Rebondir 5


Si les petites et moyennes entreprise (PME) ne changent pas leur façon de procéder, la crise risque fort de les dévorer.

Rebondir

Par Robert Coignard

Chapitre 5

→ Autre regard sur la « résilience »
Nous sommes tous potentiellement résilients
Cette capacité à surmonter les traumatismes s’appelle la résilience. Le terme, emprunté à la physique, désigne le retour à l’état initial d’un élément déformé. Les psychiatres américains spécialisés dans la petite enfance, ont adopté le mot dans les années 90. Il a ensuite été popularisé en France par Boris Cyrulnik. A en croire le psychothérapeute, « environ une personne sur deux subit un traumatisme au cours de son existence, qu’il s’agisse d’un inceste, d’un viol, de la perte précoce d’un être cher, d’une maladie grave ou d’une guerre ».
La résilience, innée ou acquise ?
Notre développement est régi par un certain nombre de déterminants génétiques.
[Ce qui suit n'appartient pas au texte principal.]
(* If $G$ is a finite graph that does not contain $K_{t,t}$ as a subgraph, then \[\deg(G)/(2t^2)<\mathrm{fw}_1(G)\le(\deg(G)+1)^t.\] Consequently, if $\mathcal C$ is a weakly sparse class of graphs, then $\sup_{G\in\mathcal C}\mathrm{fw}_1(G)<\infty$ if and only if $\mathcal C$ has bounded degeneracy.
   Context: Graphs are finite, simple, undirected. $\deg(G)$ (degeneracy) is the least $d$ such that some total order of $V(G)$ has every vertex with at most $d$ earlier neighbours. A class is weakly sparse if there is $t$ such that no graph in it contains $K_{t,t}$ as a subgraph. A $k$-flip of $G$ is obtained by choosing a partition $\mathcal P$ of $V(G)$ with at most $k$ parts and, for some pairs $A,B$ of (possibly equal) parts, inverting adjacency of every pair of distinct $x\in A,y\in B$. Flipper game of radius $1$ and width $k$: $G_0=G$, runner chooses $v_0$; in round $i\ge1$ the flipper announces a $k$-flip $G_i$ of $G$, the runner moves from $v_{i-1}$ to $v_i$ equal or adjacent to $v_{i-1}$ in $G_{i-1}$; the flipper wins if $v_i$ is isolated in $G_i$. $\mathrm{fw}_1(G)$ is the least $k$ for which the flipper has a winning strategy. *)

From mathcomp Require Import all_boot all_order all_algebra.
From mathcomp Require Import boolp.
Set Implicit Arguments. Unset Strict Implicit. Unset Printing Implicit Defensive.

Record sgraph := SGraph {
  vert :> finType;
  adj : rel vert;
  adj_sym : symmetric adj;
  adj_irr : irreflexive adj }.

Section Defs.
Variable G : sgraph.

Definition has_Ktt (t : nat) : bool :=
  [exists A : {set G}, exists B : {set G},
     [&& #|A| == t, #|B| == t, [disjoint A & B] &
         [forall a in A, forall b in B, adj a b]]].

(* Total orders of V(G) are encoded as bijections V(G) -> 'I_#|V(G)|
   (injective maps between sets of equal size); "u earlier than v" is f u < f v. *)
Definition degenerate_with (d : nat) : bool :=
  [exists f : {ffun G -> 'I_#|G|}, injectiveb f &&
     [forall v, #|[set u | adj v u & f u < f v]| <= d]].

Lemma degenerate_with_ex : exists d, degenerate_with d.
Proof.
exists #|G|; apply/existsP; exists [ffun x => enum_rank x].
apply/andP; split.
  by apply/injectiveP => x y; rewrite !ffunE => /enum_rank_inj.
by apply/forallP => v; apply: max_card.
Qed.

Definition degeneracy : nat := ex_minn degenerate_with_ex.

(* A k-flip: partition into (at most) k parts, given by p : V -> 'I_k,
   and a set of (unordered, possibly equal) pairs of parts, given by F
   (the pair {A,B} is flipped iff F A B || F B A). *)
Definition flip_adj (k : nat) (p : G -> 'I_k) (F : rel 'I_k) : rel G :=
  fun x y => (x != y) && (adj x y (+) (F (p x) (p y) || F (p y) (p x))).

Definition isolated (H : rel G) (x : G) : Prop := forall y, ~~ H x y.

(* A flipper strategy: given the runner's positions v_0,...,v_{i-1},
   announce the k-flip G_i. *)
Definition fstrategy (k : nat) := seq G -> ((G -> 'I_k) * rel 'I_k).

Definition round_graph (k : nat) (s : fstrategy k) (v : nat -> G) (i : nat)
  : rel G :=
  match i with
  | 0 => adj (s := G)
  | i'.+1 => let pf := s (mkseq v i) in flip_adj pf.1 pf.2
  end.

(* The flipper wins the radius-1 width-k flipper game on G: some strategy
   such that along every legal runner play there is a round i >= 1 where v_i
   is isolated in G_i.  (The runner may always stay put, so quantifying over
   infinite legal plays is the same as requiring the game to end.) *)
Definition flipper_wins (k : nat) : Prop :=
  exists s : fstrategy k, forall v : nat -> G,
    (forall i, v i.+1 = v i \/ round_graph s v i (v i) (v i.+1)) ->
    exists i, 0 < i /\ isolated (round_graph s v i) (v i).

Lemma flipper_wins_ex : exists k, `[< flipper_wins k >].
Proof.
exists #|G|; apply/asboolP.
pose p := fun x : G => enum_rank x.
pose F := fun i j : 'I_#|G| => adj (enum_val i) (enum_val j).
exists (fun _ => (p, F)) => v _; exists 1; split => // y /=.
by rewrite /flip_adj /p /F !enum_rankK (@adj_sym G (v 1%N) y) orbb addbb andbF.
Qed.

Definition fw1 : nat := ex_minn flipper_wins_ex.

End Defs.

Definition weakly_sparse (C : sgraph -> Prop) : Prop :=
  exists t, forall G, C G -> ~~ has_Ktt G t.

Definition bounded_degeneracy (C : sgraph -> Prop) : Prop :=
  exists d, forall G, C G -> degeneracy G <= d.

Definition bounded_fw1 (C : sgraph -> Prop) : Prop :=
  exists k, forall G, C G -> fw1 G <= k.

From mathcomp Require Import all_boot all_order all_algebra.
From mathcomp Require Import zify.
From mathcomp Require Import boolp unstable.

Set Implicit Arguments. Unset Strict Implicit. Unset Printing Implicit Defensive.

(* If deg(G) >= 2t^2 k, some nonempty S induces a subgraph of
   minimum degree at least D = deg(G).  In a k-flip call a vertex of S low if it
   has at most l = k(t-1) flipped neighbours in S.  If a part of the flip
   contained t low vertices, at least D - l vertices of S would have their
   adjacency to that part flipped, and all but t + tl of them would be
   G-adjacent to all t low vertices, giving a K_{t,t}.  Hence at most l vertices
   of S are low, and a runner standing on a vertex with more than l neighbours
   in S can always step to a vertex that is not low in the next flip, so it is
   never isolated.

   Fix an ordering witnessing degeneracy d.  When the runner has
   just moved from w to u, the flipper isolates the guard of u: u together with
   its earlier neighbours other than w if w is earlier than u, and u alone
   otherwise.  A guard has at most d vertices, and without K_{t,t} the vertices
   of G can be sorted into (d+1)^t classes such that each guard vertex is alone
   in its class and every other class is homogeneous towards the guard, so a
   single flip deletes exactly the edges at the guard.  After a step from w up
   to a later vertex u the runner can neither return to w nor go to another
   earlier neighbour of u, so it keeps moving up, and its walk cannot go on
   forever. *)

Lemma card_geq_subset (T : finType) (A : {set T}) n :
  n <= #|A| -> exists2 B : {set T}, B \subset A & #|B| = n.
Proof.
case/card_geqP => s [s_uniq s_size sA]; exists [set x in s].
  by apply/subsetP => x; rewrite inE; apply: sA.
by rewrite cardsE; move/card_uniqP: s_uniq => ->.
Qed.

Lemma eq_from_padded_nth (T : eqType) (x0 : T) n (a b : seq T) :
  size a <= n -> size b <= n -> x0 \notin a -> x0 \notin b ->
  (forall j, j < n -> nth x0 a j = nth x0 b j) -> a = b.
Proof.
move=> a_n b_n x0a x0b eq_ab.
have eq_size : size a = size b.
  apply/eqP; rewrite eqn_leq; apply/andP; split; rewrite leqNgt; apply/negP => lt.
    move: (mem_nth x0 lt); rewrite eq_ab ?(leq_trans lt) //.
    by rewrite nth_default // (negbTE x0a).
  move: (mem_nth x0 lt); rewrite -eq_ab ?(leq_trans lt) //.
  by rewrite nth_default // (negbTE x0b).
apply: (eq_from_nth eq_size) => j ja; apply: eq_ab.
exact: leq_trans ja a_n.
Qed.

Lemma eq_rot_uniq (T : eqType) (s : seq T) i j :
  uniq s -> i < size s -> j < size s -> rot i s = rot j s -> i = j.
Proof.
case: s => // x0 s' s_uniq i_lt j_lt /(congr1 (nth x0 ^~ 0)).
rewrite /rot !nth_cat !size_drop !subn_gt0 i_lt j_lt !nth_drop !addn0.
by move/eqP; rewrite nth_uniq // => /eqP.
Qed.

Lemma no_persistent_ascent (a : nat -> nat) n :
  (forall i, a i < n) -> (forall i, a i != a i.+1) ->
  ~ (forall i, a i < a i.+1 -> a i.+1 < a i.+2).
Proof.
move=> a_lt a_neq ascent.
pose P i := if a i < a i.+1 then n - a i.+1 else n + a i.+1.
have P_dec i : P i.+1 < P i.
  have := a_lt i.+1; have := a_lt i.+2; have := a_neq i.+1; have := ascent i.
  rewrite /P; case: (ltnP (a i) (a i.+1)); case: (ltnP (a i.+1) (a i.+2)); lia.
have P_le i : P i + i <= P 0.
  by elim: i => [|i IHi]; rewrite ?addn0 // addnS (leq_trans _ IHi) ?ltn_add2r.
by have := P_le (P 0).+1; rewrite addnS ltnNge leq_addl.
Qed.

Definition nbh_in (T : finType) (H : rel T) (S : {set T}) (v : T) : {set T} :=
  [set u in S | H v u].

Definition low_in (T : finType) (H : rel T) (S : {set T}) (l : nat) : {set T} :=
  [set u in S | #|nbh_in H S u| <= l].

Section Graph.
Variable G : sgraph.

Lemma has_KttI t (A B : {set G}) : #|A| = t -> #|B| = t -> [disjoint A & B] ->
  {in A & B, forall a b, adj a b} -> has_Ktt G t.
Proof.
move=> cardA cardB disjAB adjAB; apply/existsP; exists A; apply/existsP; exists B.
rewrite cardA cardB disjAB !eqxx /=.
by apply/forall_inP => a aA; apply/forall_inP => b bB; apply: adjAB.
Qed.

Lemma has_Ktt0 : has_Ktt G 0.
Proof.
apply: (@has_KttI 0 set0 set0); rewrite ?cards0 ?disjoints_subset ?sub0set //.
by move=> a; rewrite inE.
Qed.

Lemma has_Ktt_gt0 t : ~~ has_Ktt G t -> 0 < t.
Proof. by case: t; rewrite ?has_Ktt0. Qed.

Lemma no_K11_edgeless : ~~ has_Ktt G 1 -> forall x y : G, ~~ adj x y.
Proof.
move=> noK x y; apply: contra noK => xy; apply: (@has_KttI 1 [set x] [set y]).
- exact: cards1.
- exact: cards1.
- by rewrite disjoints1 inE; apply: contraTneq xy => ->; rewrite adj_irr.
- by move=> a b /set1P -> /set1P ->.
Qed.

Lemma degeneracyP : degenerate_with G (degeneracy G).
Proof. by rewrite /degeneracy; case: ex_minnP. Qed.

Lemma degeneracy_min e : degenerate_with G e -> degeneracy G <= e.
Proof. by rewrite /degeneracy; case: ex_minnP => d _; apply. Qed.

Lemma degeneracy_le_card : degeneracy G <= #|G|.
Proof.
apply: degeneracy_min; apply/existsP; exists [ffun x => enum_rank x].
apply/andP; split; last by apply/forallP => v; apply: max_card.
by apply/injectiveP => x y; rewrite !ffunE => /enum_rank_inj.
Qed.

Lemma degenerate0_edgeless : degenerate_with G 0 -> forall x y : G, ~~ adj x y.
Proof.
case/existsP => f /andP [/injectiveP f_inj /forallP no_back] x y; apply/negP => xy.
have no_earlier u w : adj u w -> f w < f u -> False.
  move=> uw lt; move: (no_back u); rewrite leqn0 cards_eq0 => /eqP /setP /(_ w).
  by rewrite !inE uw lt.
have : f x != f y by apply: contraTneq xy => /f_inj ->; rewrite adj_irr.
rewrite -val_eqE neq_ltn => /orP [lt|lt]; last exact: (no_earlier x y).
by apply: (no_earlier y x); rewrite 1?adj_sym.
Qed.

Lemma fw1P : flipper_wins G (fw1 G).
Proof. by rewrite /fw1; case: ex_minnP => k /asboolP. Qed.

Lemma fw1_min k : flipper_wins G k -> fw1 G <= k.
Proof. by rewrite /fw1; case: ex_minnP => m _ min_m /asboolP; apply: min_m. Qed.

Lemma fw1_gt0 : 0 < #|G| -> 0 < fw1 G.
Proof.
case/card_gt0P => x _; have [s _] := fw1P.
by case: (fw1 G) s => // s; case: ((s [::]).1 x).
Qed.

Lemma flip_adj_unflipped k (p : G -> 'I_k) F x y :
  ~~ (F (p x) (p y) || F (p y) (p x)) -> flip_adj p F x y = adj x y.
Proof.
rewrite /flip_adj => /negbTE ->; rewrite addbF.
by case: eqVneq => // ->; rewrite adj_irr.
Qed.

Lemma flip_adj_flipped k (p : G -> 'I_k) F x y :
  F (p x) (p y) || F (p y) (p x) -> x != y -> flip_adj p F x y = ~~ adj x y.
Proof. by rewrite /flip_adj => -> ->; rewrite addbT. Qed.

Lemma round_graph_ext k (s : fstrategy G k) (v v' : nat -> G) i :
  {in gtn i, v =1 v'} -> round_graph s v i = round_graph s v' i.
Proof.
case: i => //= i eq_v; have -> // : mkseq v i.+1 = mkseq v' i.+1.
by apply/eq_in_map => j; rewrite mem_iota => /andP [_ /eq_v].
Qed.

Lemma edgeless_flipper_wins k : (forall x y : G, ~~ adj x y) -> flipper_wins G k.+1.
Proof.
move=> edgeless; exists (fun=> (fun=> ord0, fun _ _ => false)) => v _.
by exists 1; split=> // y; rewrite /= /flip_adj (negbTE (edgeless _ _)) andbF.
Qed.

End Graph.

Section Degeneracy.
Variables (G : sgraph) (e : nat).

Section Peeling.
Hypothesis peel : forall S : {set G}, S != set0 ->
  exists2 v, v \in S & #|nbh_in (@adj G) S v| <= e.

Lemma peeling_rank (S : {set G}) : exists r : G -> nat,
  [/\ {in S &, injective r}, {in S, forall v, r v < #|S|} &
      {in S, forall v, #|[set u in S | adj v u & r u < r v]| <= e}].
Proof.
have [n] := ubnP #|S|; elim: n S => // n IHn S S_lt.
have [->|S0] := eqVneq S set0; first by exists (fun=> 0); split=> [u|u|u]; rewrite inE.
have [v vS v_low] := peel S0.
have card_S : #|S| = #|S :\ v|.+1 by rewrite (cardsD1 v) vS.
have [|r [r_inj r_lt r_low]] := IHn (S :\ v); first by rewrite -ltnS -card_S.
have in_Sv u : u \in S -> u != v -> u \in S :\ v by rewrite !inE => -> ->.
exists (fun u => if u == v then #|S :\ v| else r u); rewrite card_S; split.
- move=> x y xS yS /=; case: eqVneq => [->|xv]; case: eqVneq => [->|yv] //.
  + by move=> n_ry; have := r_lt y (in_Sv y yS yv); rewrite -n_ry ltnn.
  + by move=> rx_n; have := r_lt x (in_Sv x xS xv); rewrite rx_n ltnn.
  + by move/r_inj; apply; apply: in_Sv.
- by move=> u uS /=; case: eqVneq => // uv; apply/ltnW/r_lt/in_Sv.
move=> u uS /=; case: eqVneq => [->|uv].
  apply: leq_trans v_low; apply/subset_leq_card/subsetP => w.
  by rewrite !inE => /and3P [-> ->].
apply: leq_trans (r_low u (in_Sv u uS uv)); apply/subset_leq_card/subsetP => w.
rewrite !inE; case: eqVneq => [->|_] /=; last by case/andP => ->.
by rewrite ltnNge ltnW ?andbF // r_lt ?in_Sv.
Qed.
Le cerveau de certains individus sécrète beaucoup de dopamine et de sérotonine, qui jouent un rôle d’euphorisants. A contrario près de 2 % des enfants naîtraient avec un potentiel de « force psychique » diminué. Il serait cependant illusoire d’imaginer qu’une analyse de l’ADN suffirait à savoir si un enfant est prédisposé. Son caractère et son environnement affectif jouent un rôle primordial.
Dès leurs premiers jours, les bébés adaptent leurs comportements en fonction de l’attitude des parents à leur égard. Quatre sortes d’attachement réciproque peuvent ainsi être distinguées :
• Sécurisant (65 %), ces enfants ont les meilleures chances de s’en sortir en cas de malheur ;
• Evitant (20 %), ils maintiennent leurs distances ;
• Ambivalents ou désorganisés (15 %).
Selon le type de relation qu’ils réussissent à établir, ils sauront plus ou moins bien se reconstruire après une blessure de la vie.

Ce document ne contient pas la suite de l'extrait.